Мир и хохот, стр. 45

Станислав ошарашенно вращал глазами.

— Да он победитель, в конце концов, победитель! — вскричала Лена, немного захмелев. — Ведь надо знать, чего он избежал, от чего ушел, спасся.

— Да, да! Он — Цезарь, он — Богатырь! Да! Он Александр Македонский в тысячу раз больший, он — авторитет, — заголосил Степанушка во сне.

И на этой высокой ноте вечер закончился.

На следующий день позвонил сам Нил Палыч, и Алла его пустила. Пока она многих не решалась допускать к Стасику, но Нилу не отказала.

Он пришел по-прежнему лохматый, но без очков. Станислав скромно сидел в углу, в кресле, ничего не узнавая. Нил подошел к нему и отскочил в сторону. Алла испугалась: что такое?

Нил Палыч отозвал ее в коридор.

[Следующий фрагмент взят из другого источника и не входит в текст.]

Lemma anc_total a b x : anc a x -> anc b x -> anc a b || anc b a.
Proof.
move=> /ancP [n <-] /ancP [m <-]; case: (leqP n m) => [le_nm | /ltnW le_mn].
  by apply/orP; right; apply/ancP; exists (m - n); rewrite -iterD subnK.
by apply/orP; left; apply/ancP; exists (n - m); rewrite -iterD subnK.
Qed.

Lemma in_desc a x : (x \in desc a) = anc a x.
Proof. by rewrite inE. Qed.

Lemma child_anc c w : is_child c w -> anc w c.
Proof. by case/andP => _ /eqP <-; apply: fconnect1. Qed.

Lemma child_not_anc c w : is_child c w -> ~~ anc c w.
Proof.
move=> cw; apply/negP => /anc_anti /(_ (child_anc cw)) cw_eq.
case/andP: cw => /eqP c_r /eqP; rewrite -{}cw_eq => c_fixed.
by apply/c_r/(@periodic_root c 1).
Qed.

Lemma anc_child w x : anc w x -> x != w -> exists2 c, is_child c w & anc c x.
Proof.
move=> wx x_w; have ex : exists n, iter n par x == w by case/ancP: wx => n <-; exists n.
have [[|n] /eqP xn min_n] := ex_minnP ex; first by rewrite -xn eqxx in x_w.
exists (iter n par x); last exact: fconnect_iter.
rewrite /is_child -iterS xn eqxx andbT; apply/eqP => c_r.
suff : n < n by rewrite ltnn.
by apply: min_n; rewrite -xn iterS c_r par_root.
Qed.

Голубой мрак в его глазах почернел, но в целом дорожденные глаза — напротив, словно снова родились и выкатились вперед, как ошпаренные.

— Чтобы разобраться, что происходит с ним, Алла, надо понять, что изменилось там, — и Нил Палыч поднял палец куда-то вверх.

А Андрей тем временем метался по комнатам, подходил к брату и исступленно повторял:

— Стасик, Стасик, я потерял тебя… Кто ты?.. Ты откуда? Вернись… вернись!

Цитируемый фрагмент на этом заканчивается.